First, in a conventional insurance scheme, the insured person sells his risk at a price to another party, thus introducing an element of “gharar” (uncertainty) in the contract. Under Shariah, a contract of uncertainty exists when the two parties do not know the nature of the counter-value that they are trading. A house may burn down, costing the insurer a large sum of money, or it may not burn down in which case the insured person has paid a premium and received nothing in return.
Second, conventional Insurers invest in ventures that involve interest or some form of activity, which goes against Shariah principles. Third, conventional insurance is not mutually beneficial, as certain individuals (shareholders, for example) benefit at the expense of others. In other words, commercial insurance companies exist to serve the interest of shareholders first, not policyholders.

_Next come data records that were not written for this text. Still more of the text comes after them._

(* Let $p\ge1$ and let $\mathcal A=(A_n)_{n\ge0}$ be a sequence of positive invertible $p\times p$ matrices with $\sup_n\|A_n\|<\infty$ such that the matrix-valued weighted shift $W_{\mathcal A}$ on $\ell^2(\mathbb C^p)$ is quadratically hyponormal. If $A_n=A_{n+1}$ for some $n\ge1$, then $W_{\mathcal A}$ is flat, i.e. $A_k=A_1$ for every $k\ge1$.
   Context: $\ell^2(\mathbb C^p)=\{(x_n)_{n\ge0}: x_n\in\mathbb C^p,\ \sum_n\|x_n\|^2<\infty\}$; the matrix-valued weighted shift is $W_{\mathcal A}(x_0,x_1,\dots)=(0,A_0x_0,A_1x_1,\dots)$. A bounded operator $T$ is hyponormal if $T^*T-TT^*\ge0$, and quadratically hyponormal if $T+\lambda T^2$ is hyponormal for every $\lambda\in\mathbb C$. The shift is flat if $A_k=A_1$ for all $k\ge1$. *)

From HB Require Import structures.
From mathcomp Require Import all_boot all_order all_algebra.
From mathcomp Require Import all_classical all_reals all_analysis.
From mathcomp Require Import complex.
Set Implicit Arguments. Unset Strict Implicit. Unset Printing Implicit Defensive.
Import Order.TTheory GRing.Theory Num.Theory.
Local Open Scope ring_scope.

Section Defs.
Variables (R : realType) (p : nat).
Local Notation C := (R[i]).

Definition adjmx m n (M : 'M[C]_(m, n)) : 'M[C]_(n, m) := (map_mx Num.conj M)^T.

Finally, the guiding principle behind commercial insurance is that it is based largely on commercial factors. Takaful, on the other hand, is guided by the principles of improved welfare for all, which aims to establish a social order based on universal brotherhood.

Takaful is a type of Islamic insurance, where members contribute money into a pooling system in order to guarantee each other against loss or damage. Takaful-branded insurance is based on Sharia, Islamic religious law, and explains how it is the responsibility of individuals to cooperate and protect each other.